**Problem to solve:** In the records below, some lines hold the word "LNeg". Copy each of those lines.

**Listed records:**
(* If a set $S$ of sentences has a model, then there exists an alphabet that includes the original alphabet and an interpretation based on the expanded alphabet which is a separating model for $S$ (with respect to the expanded alphabet).
   Context: Setting: higher-order logic (Church's simple theory of types, without a description operator), with Henkin semantics: an interpretation $I$ for an alphabet consists of domains $D_\alpha$ for each type ($D_o=\{\mathsf T,\mathsf F\}$, $D_{\alpha\to\beta}$ a set of functions $D_\alpha\to D_\beta$) and a valuation of the constants of the alphabet (equality denoting identity) such that every term has a denotation; $V(t,I)$ is the denotation of a closed term $t$. Sentences are closed terms of type $o$; a model for a set of sentences is an interpretation in which each of them is true. An interpretation $I$ for an alphabet is separating if for every pair $r,s$ of closed terms of the same function type $\alpha\to\beta$ with $V(r,I)\neq V(s,I)$ there is a closed term $t$ of type $\alpha$ formed from symbols of that alphabet with $V((r\,t),I)\neq V((s\,t),I)$; a separating model is a separating interpretation that is a model. *)

(* a deep embedding of Church's simple type theory
   (without description) with Henkin semantics. *)
From Stdlib Require Import List.
Import ListNotations.
Set Implicit Arguments.

(** Types: o (truth values), base types (indexed by nat, e.g. iota = Tb 0), arrows. *)
Inductive ty : Type :=
| To : ty
| Tb : nat -> ty
| Tarr : ty -> ty -> ty.

Inductive logc : Type :=
| LEq : ty -> logc
| LNeg : logc
| LOr : logc
| LPi : ty -> logc.

Definition ltype (l : logc) : ty :=
  match l with
  | LEq a => Tarr a (Tarr a To)
  | LNeg => Tarr To To
  | LOr => Tarr To (Tarr To To)
  | LPi a => Tarr (Tarr a To) To
  end.

Record alphabet : Type := Alphabet { sym : Type; styp : sym -> ty }.

Definition ext_alphabet (A : alphabet) (N : Type) (sigN : N -> ty) : alphabet :=
  {| sym := (sym A + N)%type;
     styp := fun x => match x with inl c => styp A c | inr n => sigN n end |}.

Inductive var : list ty -> ty -> Type :=
| VZ : forall a G, var (a :: G) a
| VS : forall a b G, var G a -> var (b :: G) a.

Inductive tm (A : alphabet) : list ty -> ty -> Type :=
| tvar : forall G a, var G a -> tm A G a
| tcon : forall G (c : sym A), tm A G (styp A c)
| tlog : forall G (l : logc), tm A G (ltype l)
| tapp : forall G a b, tm A G (Tarr a b) -> tm A G a -> tm A G b
| tlam : forall G a b, tm A (a :: G) b -> tm A G (Tarr a b).

Arguments tvar {A G a}.
Arguments tcon {A G}.
Arguments tlog {A G}.
Arguments tapp {A G a b}.
Arguments tlam {A G a b}.

Definition closed (A : alphabet) (a : ty) := tm A [] a.
Definition sentence (A : alphabet) := tm A [] To.

Fixpoint lift (A : alphabet) (N : Type) (sigN : N -> ty) G a (t : tm A G a)
  : tm (ext_alphabet A sigN) G a :=
  match t in tm _ G a return tm (ext_alphabet A sigN) G a with
  | tvar v => tvar v
  | tcon c => @tcon (ext_alphabet A sigN) _ (inl c)
  | tlog l => tlog l
  | tapp s u => tapp (lift sigN s) (lift sigN u)
  | tlam s => tlam (lift sigN s)
  end.

(** Henkin frames: D_o = bool (T/F), D_b arbitrary for base types, and D_{a->b}
    a set of functions D_a -> D_b, represented by an abstract carrier Dfun a b
    together with an injective ("extensional") application map into D_a -> D_b. *)
Definition Den_of (base : nat -> Type) (Dfun : ty -> ty -> Type) (t : ty) : Type :=
  match t with
  | To => bool
  | Tb n => base n
  | Tarr a b => Dfun a b
  end.

Record frame : Type := Frame {
  base : nat -> Type;
  Dfun : ty -> ty -> Type;
  app : forall a b, Dfun a b -> Den_of base Dfun a -> Den_of base Dfun b;
  app_ext : forall a b (f g : Dfun a b), (forall x, app f x = app g x) -> f = g;
  dom_nonempty : forall t, inhabited (Den_of base Dfun t)
}.

Definition Den (F : frame) (t : ty) : Type := Den_of (base F) (Dfun F) t.

Definition appD (F : frame) (a b : ty) (f : Den F (Tarr a b)) (x : Den F a) : Den F b :=
  @app F a b f x.
Arguments appD {F a b} f x.

Fixpoint env (F : frame) (G : list ty) : Type :=
  match G with
  | [] => unit
  | a :: G' => (Den F a * env F G')%type
  end.

Fixpoint lookup (F : frame) G a (v : var G a) : env F G -> Den F a :=
  match v in var G a return env F G -> Den F a with
  | VZ _ _ => fun rho => fst rho
  | VS _ v' => fun rho => lookup F v' (snd rho)
  end.

Definition is_eval (A : alphabet) (F : frame) (cval : forall c : sym A, Den F (styp A c))
  (ev : forall G a, tm A G a -> env F G -> Den F a) : Prop :=
  (forall G a (v : var G a) rho, ev G a (tvar v) rho = lookup F v rho) /\
  (forall G c rho, ev G _ (tcon c) rho = cval c) /\
  (forall G a rho (x y : Den F a),
      appD (appD (ev G _ (tlog (LEq a)) rho) x) y = true <-> x = y) /\
  (forall G rho (p : bool), appD (F:=F) (a:=To) (b:=To) (ev G _ (tlog LNeg) rho) p = negb p) /\
  (forall G rho (p q : bool),
      appD (F:=F) (a:=To) (b:=To)
        (appD (F:=F) (a:=To) (b:=Tarr To To) (ev G _ (tlog LOr) rho) p) q = orb p q) /\
  (forall G a rho (f : Den F (Tarr a To)),
      appD (ev G _ (tlog (LPi a)) rho) f = true <-> (forall x, appD f x = true)) /\
  (forall G a b (s : tm A G (Tarr a b)) (u : tm A G a) rho,
      ev G b (tapp s u) rho = appD (ev G _ s rho) (ev G a u rho)) /\
  (forall G a b (s : tm A (a :: G) b) rho (x : Den F a),
      appD (ev G _ (tlam s) rho) x = ev (a :: G) b s (x, rho)).

Record interp (A : alphabet) : Type := Interp {
  ifr : frame;
  cval : forall c : sym A, Den ifr (styp A c);
  ev : forall G a, tm A G a -> env ifr G -> Den ifr a;
  ev_spec : @is_eval A ifr cval ev
}.

Definition V (A : alphabet) (I : interp A) a (t : closed A a) : Den (ifr I) a :=
  ev I t tt.

Definition is_model (A : alphabet) (I : interp A) (S : sentence A -> Prop) : Prop :=
  forall s, S s -> V I s = true.

Definition separating (A : alphabet) (I : interp A) : Prop :=
  forall a b (r s : closed A (Tarr a b)),
    V I r <> V I s ->
    exists t : closed A a, V I (tapp r t) <> V I (tapp s t).

Definition separating_model (A : alphabet) (I : interp A) (S : sentence A -> Prop) : Prop :=
  separating I /\ is_model I S.

Definition lift_set (A : alphabet) (N : Type) (sigN : N -> ty) (S : sentence A -> Prop)
  : sentence (ext_alphabet A sigN) -> Prop :=
  fun s' => exists s, S s /\ s' = lift sigN s.
Arguments lift_set {A N} sigN S _.
Arguments lift {A N} sigN {G a} t.

From Stdlib Require Import List Classical Program.Equality.
Import ListNotations.
Set Implicit Arguments.

(* Given a model I, expand the alphabet by a constant c_x of type a for every
   element x of every domain D_a, interpreted as x itself.  The expansion is
   separating for trivial reasons: distinct functions f, g differ at some x,
   and then f c_x and g c_x denote different values.  The work lies in showing
   that the expansion is an interpretation at all, i.e. that every term over
   the expanded alphabet has a denotation: a term is translated into a term
   over the original alphabet by replacing each new constant c_x by a fresh
   free variable, which is then evaluated by I in an environment sending that
   variable to x. *)

Fixpoint var_wkr (M : list ty) K a (v : var K a) : var (K ++ M) a :=
  match v in var K a return var (K ++ M) a with
  | VZ a G => VZ a (G ++ M)
  | @VS _ b _ v' => VS b (var_wkr M v')
  end.

Fixpoint var_wkl (K : list ty) M a (v : var M a) : var (K ++ M) a :=
  match K return var (K ++ M) a with
  | [] => v
  | b :: K' => VS b (var_wkl K' v)
  end.

Definition ren_up L L' (r : forall a, var L a -> var L' a) b
  : forall a, var (b :: L) a -> var (b :: L') a :=
  fun a v =>
  match v in var L0 a0 return
    match L0 with
    | [] => unit
    | b0 :: L1 => (forall a, var L1 a -> var L' a) -> var (b0 :: L') a0
    end
  with
  | VZ a G => fun _ => VZ a L'
  | @VS _ b G v' => fun r => VS b (r _ v')
  end r.

Fixpoint ren_under (G : list ty) L L' (r : forall a, var L a -> var L' a)
  : forall a, var (G ++ L) a -> var (G ++ L') a :=
  match G return forall a, var (G ++ L) a -> var (G ++ L') a with
  | [] => r
  | b :: G' => @ren_up _ _ (ren_under G' r) b
  end.

Fixpoint ren (A : alphabet) L a (t : tm A L a)
  : forall L', (forall a, var L a -> var L' a) -> tm A L' a :=
  match t in tm _ L a return forall L', (forall a, var L a -> var L' a) -> tm A L' a with
  | tvar v => fun L' r => tvar (r _ v)
  | tcon c => fun L' r => tcon c
  | tlog l => fun L' r => tlog l
  | tapp s u => fun L' r => tapp (ren s r) (ren u r)
  | tlam s => fun L' r => tlam (ren s (@ren_up _ _ r _))
  end.

Fixpoint env_cat (F : frame) (G K : list ty) : env F G -> env F K -> env F (G ++ K) :=
  match G return env F G -> env F K -> env F (G ++ K) with
  | [] => fun _ k => k
  | b :: G' => fun rho k => (fst rho, env_cat F G' K (snd rho) k)
  end.

Section Environments.
Variable F : frame.

Lemma lookup_var_wkr M K a (v : var K a) (k : env F K) (m : env F M) :
  lookup F (var_wkr M v) (env_cat F K M k m) = lookup F v k.
Proof. induction v; simpl; auto. Qed.

Lemma lookup_var_wkl K M a (v : var M a) (k : env F K) (m : env F M) :
  lookup F (var_wkl K v) (env_cat F K M k m) = lookup F v m.
Proof. induction K; simpl; auto. Qed.

Lemma lookup_ren_up L L' (r : forall a, var L a -> var L' a) b rho rho'
  (Hr : forall a (v : var L a), lookup F (r a v) rho' = lookup F v rho) (x : Den F b) :
  forall a (v : var (b :: L) a), lookup F (ren_up r v) (x, rho') = lookup F v (x, rho).
Proof. intros a v; dependent destruction v; simpl; auto. Qed.

Lemma lookup_ren_under G L L' (r : forall a, var L a -> var L' a) k k'
  (Hr : forall a (v : var L a), lookup F (r a v) k' = lookup F v k) :
  forall (rho : env F G) a (v : var (G ++ L) a),
    lookup F (ren_under G r v) (env_cat F G L' rho k') = lookup F v (env_cat F G L rho k).
Proof.
  induction G as [|b G IH]; simpl; intros; auto.
  destruct rho as [x rho]; simpl.
  apply (@lookup_ren_up (G ++ L) (G ++ L') (ren_under G r) b
           (env_cat F G L rho k) (env_cat F G L' rho k')); auto.
Qed.

End Environments.

Lemma bool_eq_iff (b1 b2 : bool) (P : Prop) :
  (b1 = true <-> P) -> (b2 = true <-> P) -> b1 = b2.
Proof. destruct b1, b2; firstorder; symmetry; firstorder. Qed.

Lemma appD_neq_ex {F : frame} {a b : ty} (f g : Den F (Tarr a b)) :
  f <> g -> exists x, appD f x <> appD g x.
Proof.
  intros Hfg; apply NNPP; intros Hno; apply Hfg, app_ext; intros x.
  apply NNPP; intros Hx; apply Hno; exists x; exact Hx.
Qed.

Section Evaluation.
Variables (A : alphabet) (I : interp A).

(* The equations of [is_eval] determine the logical constants up to
   extensionality, whatever the environment. *)
Lemma ev_tlog_env_indep G G' (l : logc) (rho : env (ifr I) G) (rho' : env (ifr I) G') :
  ev I (tlog l) rho = ev I (tlog l) rho'.
Proof.
  destruct (ev_spec I) as (_ & _ & Heq & Hneg & Hor & Hpi & _ & _).
  unfold appD in *.
  destruct l; simpl.
  - apply app_ext; intro x; apply app_ext; intro y.
    eapply bool_eq_iff; apply Heq.
  - apply app_ext; intro x; rewrite !Hneg; reflexivity.
  - apply app_ext; intro x; apply app_ext; intro y; rewrite !Hor; reflexivity.
  - apply app_ext; intro f; eapply bool_eq_iff; apply Hpi.
Qed.

Lemma ev_ren L a (t : tm A L a) :
  forall L' (r : forall a, var L a -> var L' a) rho rho',
    (forall a (v : var L a), lookup _ (r a v) rho' = lookup _ v rho) ->
    ev I (ren t r) rho' = ev I t rho.
Proof.
  destruct (ev_spec I) as (Hvar & Hcon & _ & _ & _ & _ & Happ & Hlam).
  induction t as [G a v|G c|G l|G a b s IHs u IHu|G a b s IHs]; intros L' r rho rho' Hr;
    simpl.
  - rewrite !Hvar; auto.
  - rewrite !Hcon; reflexivity.
  - apply ev_tlog_env_indep.
  - rewrite !Happ; f_equal; eauto.
  - apply app_ext; intro x.
    change (appD (ev I (tlam (ren s (@ren_up _ _ r _))) rho') x
            = appD (ev I (tlam s) rho) x).
    rewrite !Hlam; apply IHs; intros; apply lookup_ren_up; auto.
Qed.

End Evaluation.

Section ParameterExpansion.
Variables (A : alphabet) (I : interp A).

Definition param_alphabet : alphabet := ext_alphabet A (@projT1 ty (Den (ifr I))).

(* [elim_params t] is a term over [A] with extra free variables [K] replacing
   the new constants of [t], together with the values of those constants. *)
Fixpoint elim_params G a (t : tm param_alphabet G a)
  : {K : list ty & (tm A (G ++ K) a * env (ifr I) K)%type} :=
  match t in tm _ G a return {K : list ty & (tm A (G ++ K) a * env (ifr I) K)%type} with
  | @tvar _ G a v => existT _ [] (tvar (var_wkr [] v), tt)
  | @tcon _ G c =>
      match c return {K : list ty & (tm A (G ++ K) (styp param_alphabet c)
                                     * env (ifr I) K)%type} with
      | inl c => existT _ [] (tcon c, tt)
      | inr (existT _ b x) => existT _ [b] (tvar (var_wkl G (VZ b [])), (x, tt))
      end
  | @tlog _ G l => existT _ [] (tlog l, tt)
  | @tapp _ G a b s u =>
      let (K1, p1) := elim_params s in
      let (K2, p2) := elim_params u in
      existT _ (K1 ++ K2)
        (tapp (ren (fst p1) (ren_under G (fun a (v : var K1 a) => var_wkr K2 v)))
              (ren (fst p2) (ren_under G (fun a (v : var K2 a) => var_wkl K1 v))),
         env_cat (ifr I) K1 K2 (snd p1) (snd p2))
  | @tlam _ G a b s =>
      let (K, p) := elim_params s in existT _ K (tlam (fst p), snd p)
  end.

Definition param_ev G a (t : tm param_alphabet G a) (rho : env (ifr I) G) : Den (ifr I) a :=
  ev I (fst (projT2 (elim_params t)))
     (env_cat (ifr I) G _ rho (snd (projT2 (elim_params t)))).

Definition param_cval (c : sym param_alphabet) : Den (ifr I) (styp param_alphabet c) :=
  match c return Den (ifr I) (styp param_alphabet c) with
  | inl c => cval I c
  | inr x => projT2 x
  end.
Lemma facet_row_face F :
  is_facet P F -> exists2 j, j \in S & forall x, F x <-> row_face j x.
Proof.
case=> [[a [be [valid hF]]] [z0 Fz0] [p [Pp Fp]] maximal].
have F_P x : F x -> P x by move=> /hF [].
suff [j jS Fj] : exists2 j, j \in S & forall x, F x -> dotp (A j) x = beta j.
  have row_faceF : forall x, row_face j x -> F x.
    apply: maximal; [exact: row_face_face | exact: row_face_proper |].
    by move=> x Fx; split; [apply: F_P | apply: Fj].
  exists j => // x; split=> [Fx|/row_faceF //].
  by split; [apply: F_P | apply: Fj].
(* Otherwise F has a point strictly inside every inequality; moving from it
   along the normal [a] of F stays in P, which forces [a = 0] and [F = P]. *)
apply: boolp.contrapT => none.
have strict j : j \in S -> exists2 x, F x & dotp (A j) x < beta j.
  move=> jS; apply: boolp.contrapT => nostrict; apply: none; exists j => // x Fx.
  apply/eqP; rewrite eq_le (F_P x Fx j jS) /= leNgt; apply/negP => lt.
  by apply: nostrict; exists x.
have F_mid x y : F x -> F y -> F (midpoint x y).
  move=> /hF [Px ax] /hF [Py ay]; apply/hF; split; first exact: sat_midpoint.
  by rewrite dotp_midpoint ax ay; field.
have [z Fz z_strict] := exists_common_strict_point F_mid F_P (ex_intro _ z0 Fz0) strict.
have [Pz az] := (hF z).1 Fz.
have [e e_gt0 sat_e] : exists2 e, 0 < e & P (fun i => z i + e * a i).
  by apply: sat_perturb => // j jS; left; apply: z_strict.
have a0 : a = fun _ => 0.
  apply: dotp_self_le0; have := valid _ sat_e.
  by rewrite dotp_addZr az -(pmulr_rle0 _ e_gt0); lra.
by apply: Fp; apply/hF; split; rewrite // -az a0 !dotp0l.
Qed.

Lemma num_facets_irredundant : num_facets P #|S|.
Proof.
exists (fun i => row_face (enum_val i)); split.
  by move=> i i' /(row_face_inj (enum_valP i) (enum_valP i')) /enum_val_inj.
move=> F; split.
  by case/facet_row_face => j jS hj; exists (enum_rank_in jS j); rewrite enum_rankK_in.
case=> i hi; have -> : F = row_face (enum_val i).
  by apply: boolp.funext => x; apply: boolp.propext.
exact/row_face_facet/enum_valP.
Qed.

End Facets.

Lemma num_facets_le (R : realFieldType) n (P : ('I_n -> R) -> Prop) m1 m2 :
  num_facets P m1 -> num_facets P m2 -> (m1 <= m2)%N.
Proof.
move=> [f1 [f1_inj f1_facets]] [f2 [_ f2_facets]].
rewrite -[m1]card_ord -[m2]card_ord -[#|'I_m2|]cardsT.
apply: (@leq_card_of_rel _ _ (fun i i' => forall x, f1 i x <-> f2 i' x)).
  move=> i; have /f2_facets [i' hi'] : is_facet P (f1 i) by apply/f1_facets; exists i.
  by exists i'; rewrite ?inE.
by move=> i i' u e e'; apply: f1_inj => x; rewrite e e'.
Qed.

Section Box.
Variables (k l : nat) (a b : 'I_k -> int) (c : 'I_l -> int).
Hypothesis hab : forall i, a i + 2 <= b i.
Local Notation n := (k + l)%N.

Lemma split_lshift (i : 'I_k) : split (lshift l i) = inl i.
Proof. exact: (unsplitK (inl i)). Qed.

**Response to the task:**
| LNeg : logc
  | LNeg => Tarr To To
  (forall G rho (p : bool), appD (F:=F) (a:=To) (b:=To) (ev G _ (tlog LNeg) rho) p = negb p) /\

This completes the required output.